Regarding Lunar Lander and Spacewar, the story goes that DEC commissioned the GT40 graphical version of Lunar Lander explicitly to repeat the success of Spacewar as a demo application. If true this showed that both programs were in the same category, which may be rather “entertaining simulation” than “game”.
There’s a prehistory to this, since similar simulation setups, like displaying missile trajectories, bouncing balls, etc, came previously as demos with analog computers. Notably, Higinbotham’s “Tennis”, AKA Tennis for Two, was essentially a mashup of such physics simulations. – As this thread shows quite well, it’s hard to separate simulations from early games.

As for graphical physics simulations, Bouncing Ball (Charles Adams, Whirlwind, MIT, 1949) has its well deserved place in computer history.

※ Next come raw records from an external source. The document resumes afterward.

(* Assume $p\ge2$ and $\hat\pi_k(x)>0$ for all $x\in\mathcal X_0$ and $k\in[1,p]$. Consider the following iteration for $T\ge1$: $\lambda_0(k)=1/p$, $g_0(x,k)=1/p$; for $t=0,\dots,T-1$: set $\ell_t(k)=D_{KL}(\hat{\mathsf p}_k\|\pi_{g_t})$; set $\lambda_{t+1}(k)=\lambda_t(k)e^{\eta_\lambda\ell_t(k)}/\sum_j\lambda_t(j)e^{\eta_\lambda\ell_t(j)}$; set $v_t(x,k)=-\frac{\hat{\mathsf p}_{\lambda_{t+1}}(x)}{\pi_{g_t}(x)}\hat\pi_k(x)$ for all $(x,k)\in\mathcal X_0\times[1,p]$; set $g_{t+1}=\Pi_{\mathcal G_1}(g_t-\eta_gv_t)$, where $\Pi_{\mathcal G_1}$ is the Euclidean projection onto $\mathcal G_1\subset\mathbb R^{\mathcal X_0\times[1,p]}$. Let $\bar g_T=\frac1T\sum_{t=1}^Tg_t$ and $\tilde V=\min_{g\in\mathcal G_1}\max_{\lambda\in\Delta}\tilde L(\lambda,g)$. Then there are constants $a,b,C>0$ depending only on $\mathcal G_1$, $\sup_{g\in\mathcal G_1,k}D_{KL}(\hat{\mathsf p}_k\|\pi_g)$ and $\sup_{g\in\mathcal G_1,\lambda\in\Delta}\|\nabla_g\tilde L(\lambda,g)\|_2$ (all finite under the positivity assumption) such that, with step sizes $\eta_\lambda=a/\sqrt T$ and $\eta_g=b/\sqrt T$, $$\max_{\lambda\in\Delta}\tilde L(\lambda,\bar g_T)-\tilde V\le C\sqrt{\frac{\log p}{T}} .$$
   Context: Fix an integer $p\ge 1$, $[1,p]=\{1,\dots,p\}$, $\Delta=\{\lambda\in\mathbb R^p:\lambda_k\ge 0,\ \sum_k\lambda_k=1\}$. Let $\hat{\mathsf p}_1,\dots,\hat{\mathsf p}_p$ be probability distributions with finite supports, $\mathcal X_0=\bigcup_k\mathrm{supp}(\hat{\mathsf p}_k)$, and $\hat\pi_1,\dots,\hat\pi_p$ probability distributions on $\mathcal X_0$. A gate is $g:\mathcal X_0\times[1,p]\to[0,1]$ with $\sum_kg(x,k)=1$ for each $x$; $\pi_g(x)=\sum_kg(x,k)\hat\pi_k(x)$, $Z_g=\sum_{x\in\mathcal X_0}\pi_g(x)$, $\mathcal G_1=\{g:Z_g=1\}$ (a compact convex subset of $\mathbb R^{\mathcal X_0\times[1,p]}$). For $\lambda\in\Delta$, $\hat{\mathsf p}_\lambda=\sum_k\lambda_k\hat{\mathsf p}_k$. $D_{KL}(P\|Q)=\sum_xP(x)\log\frac{P(x)}{Q(x)}$. The linearized payoff is $\tilde L(\lambda,g)=\sum_{k=1}^p\lambda_kD_{KL}(\hat{\mathsf p}_k\|\pi_g)$. *)

From mathcomp Require Import all_boot all_order all_algebra.
From mathcomp Require Import all_classical all_reals.
From mathcomp Require Import sequences exp.
Set Implicit Arguments. Unset Strict Implicit. Unset Printing Implicit Defensive.
Import Order.TTheory GRing.Theory Num.Theory.
Local Open Scope classical_set_scope.
Local Open Scope ring_scope.
Lemma qdist_sep (u v : Tens X) : u <> v -> r <= qdist X u v.
Proof.
  intros Huv; destruct (chain_singleton X u v) as [c0 Hc0].
  apply (glb_lower_bound _ _ (chain_cost X c0)); [eauto|].
  intros s [c [Hc ->]]; destruct (Rle_or_lt r (chain_cost X c)) as [|Hlt]; auto.
  exfalso; destruct c as [|[p q] c]; simpl in Hc, Hlt; [tauto|]; destruct Hc as [Hp Hq].
  pose proof (dMX_ge0 p q); pose proof (chain_cost_ge0 c).
  assert (p = q) by (apply dMX_lt_sep; lra); subst q.
  apply Huv, (qin_same _ (tens_eq_equiv X) _ _ p); auto.
  apply (chain_link_lt_sep _ c); auto; lra.
Qed.
End SeparatedTensor.

Definition g_rep (p : M * Gcar) : Gcar :=
  qclass G_eq (fst p :: fst (qrep (snd p)), snd (qrep (snd p))).

Lemma g_rep_qclass m w z : g_rep (m, qclass G_eq (w, z)) = qclass G_eq (m :: w, z).
Proof.
  apply qclass_eq; [apply G_eq_equiv|]; simpl.
  apply rst_sym, (G_eq_cons m (w, z)), (qrep_qclass _ G_eq_equiv).
Qed.

Lemma g_rep_resp p q : tens_eq Gd p q -> g_rep p = g_rep q.
Proof.
  induction 1 as [p q H| p | p q _ IH | p q r _ IH1 _ IH2]; try congruence.
  destruct H; simpl; unfold Gpt; rewrite !g_rep_qclass; simpl;
    [ apply (qclass_G_gen _ _ (gg1 nil)) | apply (qclass_G_gen _ _ (gg2 nil))
    | apply (qclass_G_gen _ _ (gg3 nil)) ].
Qed.

Lemma g_tens m w z : g (tens Gd m (qclass G_eq (w, z))) = qclass G_eq (m :: w, z).
Proof.
  rewrite <- g_rep_qclass.
  apply g_rep_resp, rst_sym, (qrep_qclass _ (tens_eq_equiv Gd)).
Qed.

Lemma g_alg : is_alg Gd g.
Proof.
  split.
  - unfold preserves3; simpl; unfold Gpt; rewrite !g_tens; repeat split; symmetry;
      [ apply (qclass_G_gen _ _ (ggT nil)) | apply (qclass_G_gen _ _ (ggL nil))
      | apply (qclass_G_gen _ _ (ggR nil)) ].
  - apply (lipschitz_of_separated _ _ _ (Rmin 1 (1 / 2)) Gd_met3).
    + apply Rmin_pos; lra.
    + apply (qdist_ge0 Gd); apply Gd_met3.
    + apply (qdist_sep Gd).
      * apply Gd_met3.
      * intros x y Hxy; simpl; rewrite dG_off; auto; lra.
Qed.

Section Initiality.
Variables (A : Met3pre) (alpha : FM A -> A).
Hypothesis alpha_pres : preserves3 (FM A) A alpha.

Definition alpha_act (m : M) (x : A) : A := alpha (tens A m x).

Definition A_pt (z : Pt) : A := match z with pT => mT A | pL => mL A | pR => mR A end.

Definition G_fold (x : Gd) : A := word_fold alpha_act A_pt (qrep x).

Lemma tens_gen_eq p q : tens_gen A p q -> tens A (fst p) (snd p) = tens A (fst q) (snd q).
Proof. destruct p, q; intros H; apply qclass_eq, rst_step, H; apply tens_eq_equiv. Qed.

Lemma G_fold_qclass p : G_fold (qclass G_eq p) = word_fold alpha_act A_pt p.
Proof.
  destruct alpha_pres as [PT [PL PR]].
  symmetry; apply word_fold_resp; [..| apply qrep_qclass, G_eq_equiv];
    unfold alpha_act; simpl; auto.
  - f_equal; exact (tens_gen_eq _ _ (tg1 A)).
  - f_equal; exact (tens_gen_eq _ _ (tg2 A)).
  - f_equal; exact (tens_gen_eq _ _ (tg3 A)).
Qed.

Lemma G_fold_alg_morph : is_met3 A -> alg_morph Gd A g alpha G_fold.
Proof.
  intros HA; split; [split|].
  - unfold preserves3; simpl; unfold Gpt; rewrite !G_fold_qclass; auto.
  - apply (lipschitz_of_separated _ _ _ 1 HA); [lra | apply Gd_met3 |].
    intros x y Hxy; simpl; rewrite dG_off; auto; lra.
  - intros m; apply (qclass_ind G_eq); intros [w z].
    rewrite g_tens, !G_fold_qclass; reflexivity.
Qed.

Lemma alg_morph_eq_G_fold h : alg_morph Gd A g alpha h -> h = G_fold.
Proof.
  intros [[[PT [PL PR]] _] Hh].
  assert (Hwords : forall w z, h (qclass G_eq (w, z)) = word_fold alpha_act A_pt (w, z)).
  { induction w as [|m w IH]; intros z.
    - destruct z; assumption.
    - rewrite <- g_tens, Hh, IH; reflexivity. }
  apply functional_extensionality, (qclass_ind G_eq); intros [w z].
  rewrite Hwords, G_fold_qclass; reflexivity.
Qed.
End Initiality.

Theorem mainTheorem4 :
  is_met3 Gd /\ is_alg Gd g /\
  (forall (A : Met3pre) (alpha : FM A -> A),
      is_met3 A -> is_alg A alpha ->
      exists! h : Gd -> A, alg_morph Gd A g alpha h).
Proof.
  split; [exact Gd_met3|]; split; [exact g_alg|].
  intros A alpha HA [Hpres _].
  exists (G_fold A alpha); split.
  - apply G_fold_alg_morph; assumption.
  - intros h Hh; symmetry; apply alg_morph_eq_G_fold; assumption.
Qed.
Lemma earlier_face_swap k F :
  earlier_face (fun i => C (tperm j j' i)) k F <-> earlier_face C (tperm j j' k) F.
Proof.
have lt_j' (i : 'I_s) : (i < j)%N -> (i < j')%N by rewrite adj ltnS => /ltnW.
have [-> | ne_kj] := eqVneq k j; first rewrite tpermL.
  split=> [[i [lt_ij [faceFi faceFj']]] | [i [lt_ij' [faceFi faceFj']]]].
    rewrite tperm_fix_lt // in faceFi; rewrite tpermL in faceFj'.
    by exists i; split; first exact: lt_j'.
  have [lt_ij | le_ji] := ltnP i j.
    by exists i; rewrite /= tperm_fix_lt // tpermL.
  have eq_ij : i = j by apply: val_inj => /=; lia.
  rewrite eq_ij in faceFi; have [i' [lt_i'j faceFi']] := common_earlier faceFi faceFj'.
  by exists i'; rewrite /= tperm_fix_lt // tpermL.
have [-> | ne_kj'] := eqVneq k j'; first rewrite tpermR.
  split=> [[i [lt_ij' [faceFi faceFj]]] | [i [lt_ij [faceFi faceFj]]]].
    rewrite tpermR in faceFj.
    have [lt_ij | le_ji] := ltnP i j.
      by rewrite tperm_fix_lt // in faceFi; exists i.
    have eq_ij : i = j by apply: val_inj => /=; lia.
    rewrite eq_ij tpermL in faceFi.
    have [i' [lt_i'j faceFi']] := common_earlier faceFj faceFi.
    by exists i'.
  by exists i; rewrite /= tperm_fix_lt // tpermR; split; first exact: lt_j'.
have tperm_k : tperm j j' k = k by rewrite tpermD // eq_sym.
have tperm_lt_k i : (tperm j j' i < k)%N = (i < k)%N.
  case: tpermP => [-> | -> | //]; move: ne_kj ne_kj';
    by rewrite -!(inj_eq val_inj) /=; lia.
rewrite tperm_k; split=> [[i [lt_ik faceFs]] | [i [lt_ik faceFs]]].
  by rewrite tperm_k in faceFs; exists (tperm j j' i); rewrite tperm_lt_k.
by exists ((tperm j j')^-1 i)%g; rewrite /= permKV tperm_k -tperm_lt_k permKV.
Qed.

End Swap.

Section Fans.
Variables (d : nat) (Sg : fanT d).

Lemma facet_face_eq (A B : cone d) : facet Sg A -> Sg B -> face A B -> B = A.
Proof. by move=> [_ maxA] SgB faceAB; apply: maxA => // x; apply: face_sub. Qed.

Lemma facet_order_perm s (C : 'I_s -> cone d) (tau : {perm 'I_s}) :
  facet_order Sg C -> facet_order Sg (fun i => C (tau i)).
Proof.
move=> [injC [facetC ontoC]]; split; first by move=> i i' /injC /perm_inj.
split=> // F /ontoC [i <-].
by exists (tau^-1 i)%g; rewrite permKV.
Qed.

Hypothesis fanSg : is_fan Sg.

Lemma fan_face (C F : cone d) : Sg C -> face F C -> Sg F.
Proof. exact: fanSg.2.2.1. Qed.

Lemma face_of_subset (G C : cone d) :
  Sg G -> Sg C -> (forall x, G x -> C x) -> face G C.
Proof.
move=> SgG SgC subGC; have [_ faceGC] := fanSg.2.2.2 _ _ SgG SgC.
suff <- : (fun x => G x /\ C x) = G by [].
by apply: cone_ext => x; split=> [[] | Gx] //; split=> //; apply: subGC.
Qed.

Section Inversion.
Variables (s : nat) (C : 'I_s -> cone d) (j j' : 'I_s).
Hypotheses (orderC : facet_order Sg C) (adj : j' = j.+1 :> nat).
Hypothesis inv : (cdim (C j) < cdim (C j'))%N.
Variables (t : nat) (D : 'I_t -> cone d) (r : nat).
Hypotheses (shellD : shelling (cdim (C j')).-1 (bdry (C j')) D) (glueD : glue C j' D r).

Lemma glued_facet_earlier (l : 'I_t) :
  (l < r)%N -> exists i : 'I_s, (i < j)%N /\ face (D l) (C i).
Proof.
move=> lt_lr; have [[_ pureD] [_ [facetD _]]] := shelling_pure_order shellD.
have [i [lt_ij' [faceDi _]]] := (glueD.2 (D l)).2 (ex_intro _ l (conj lt_lr (face_refl _))).
exists i; split; last by [].
have [eq_ij | ne_ij] := eqVneq i j; last by move: ne_ij; rewrite -(inj_eq val_inj) /=; lia.
rewrite eq_ij in faceDi; exfalso.
have [eq_DC | ne_DC] := classic (D l = C j); last first.
  by have := cdim_proper_face faceDi ne_DC; rewrite (pureD _ (facetD l)); lia.
have faceCj : face (C j) (C j') by rewrite -eq_DC; case: (facetD l) => -[].
have /orderC.1 eq_jj' := facet_face_eq (orderC.2.1 j) (orderC.2.1 j').1 faceCj.
by move: adj; rewrite eq_jj'; lia.
Qed.

Hypothesis r_range : (1 <= r <= t)%N.

Lemma inversion_index_gt0 : (0 < j)%N.
Proof.
have [r_gt0 le_rt] := andP r_range.
have [i [lt_ij _]] := @glued_facet_earlier (Ordinal (leq_trans r_gt0 le_rt)) r_gt0.
by apply: leq_ltn_trans lt_ij.
Qed.

Lemma common_face_earlier G : face G (C j) -> face G (C j') ->
  exists i : 'I_s, (i < j)%N /\ face G (C i).
Proof.
move=> faceGj faceGj'.
have lt_jj' : (j < j')%N by rewrite adj.
have [l [lt_lr faceGl]] := (glueD.2 G).1 (ex_intro _ j (conj lt_jj' (conj faceGj faceGj'))).
have [i [lt_ij faceDi]] := glued_facet_earlier lt_lr.
exists i; split=> //; apply: face_of_subset.
- exact: fan_face (orderC.2.1 j).1 faceGj.
- exact: (orderC.2.1 i).1.
by move=> x /(face_sub faceGl) /(face_sub faceDi).
Qed.

End Inversion.

Definition glued_shelling s (C : 'I_s -> cone d) : Prop :=
  facet_order Sg C /\
  (forall h : (0 < s)%N, exists t (D : 'I_t -> cone d),
     shelling (cdim (C (Ordinal h))).-1 (bdry (C (Ordinal h))) D) /\
  (forall j : 'I_s, (0 < j)%N ->
     exists t (D : 'I_t -> cone d), shelling (cdim (C j)).-1 (bdry (C j)) D /\
       exists r, (1 <= r <= t)%N /\ glue C j D r).

Lemma glued_shelling_swap s (C : 'I_s -> cone d) (j j' : 'I_s) :
  glued_shelling C -> j' = j.+1 :> nat -> (cdim (C j) < cdim (C j'))%N ->
  glued_shelling (fun i => C (tperm j j' i)).
Proof.
move=> [orderC [shell_first shell_later]] adj inv.
have j'_gt0 : (0 < j')%N by rewrite adj.
have [t [D [shellD [r [r_range glueD]]]]] := shell_later j' j'_gt0.
have j_gt0 := inversion_index_gt0 orderC adj inv shellD glueD r_range.
have common := common_face_earlier orderC adj inv shellD glueD.
split; first exact: facet_order_perm.
split=> [s_gt0 | k k_gt0].
  by rewrite tperm_fix_lt //; apply: shell_first.
have [t' [D' [shellD' [r' [r'_range glueD']]]]] := shell_later _ (tperm_gt0 adj j_gt0 k_gt0).
exists t', D'; split=> //; exists r'; split=> //.
apply: glue_congr glueD' => F; apply: iff_sym.
exact: earlier_face_swap adj j_gt0 common k F.
Qed.

End Fans.

Theorem lemma3p3 (d : nat) (Sg : fanT d) (s : nat) (C : 'I_s -> cone d) :
  is_fan Sg -> nonpure_shelling Sg C ->
  exists sigma : {perm 'I_s},
    nonpure_shelling Sg (fun i => C (sigma i)) /\
    (forall i j : 'I_s, (i <= j)%N -> (cdim (C (sigma j)) <= cdim (C (sigma i)))%N).
Proof.
move=> fanSg [orderC [all_dim0 | glued]].
  exists 1%g; split=> [|i j _]; last by rewrite !all_dim0 //; apply: (orderC.2.1 _).1.
  by split; [apply: facet_order_perm | left].
pose P (sg : {perm 'I_s}) := glued_shelling Sg (fun i => C (sg i)).
have P1 : P 1%g.
  rewrite /P; suff -> : (fun i => C ((1 : {perm 'I_s})%g i)) = C by [].
  by apply: functional_extensionality => i; rewrite perm1.
have P_swap (sg : {perm 'I_s}) (j j' : 'I_s) : j' = j.+1 :> nat ->
    (cdim (C (sg j)) < cdim (C (sg j')))%N -> P sg -> P (tperm j j' * sg)%g.
  move=> adj inv /(glued_shelling_swap fanSg) /(_ adj inv); rewrite /P.
  suff -> : (fun i => C ((tperm j j' * sg)%g i)) = (fun i => C (sg (tperm j j' i))) by [].
  by apply: functional_extensionality => i; rewrite permM.
have [sg [[orderC_sg glued_sg] sorted_sg]] :=
  sort_by_adjacent_swaps (f := fun i => cdim (C i)) P1 P_swap.
by exists sg; split=> //; split=> //; right.
Qed.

Similarly, Michigan Pool (William George Brown and Ted Lewis, MIDSAC, 1954) deserves a mention as an entertaining physics demonstration serving as a stand-in for the classified application, which normally ran on the computer, solving guidance problems similar to computing the trajectories of the balls in “Pool”.

1 Like

I think we would be neglect to not mention the assorted versions of the Air Traffic Control programs over the years.

I remember the an original one advertised for the TRS-80. Later, we had the source code to one written in Pascal that we ported to Turbo back in the day.

Then, there was TRACON for the PC in the 80s.

One of my favorite options was the options of where you send a command to a pilot and they a) ignore it or b) do it wrong (turn the wrong way, change to the wrong altitude etc.)

There was a beautifully elegant one (as a game) for IOS.

These games/sims get really stressful!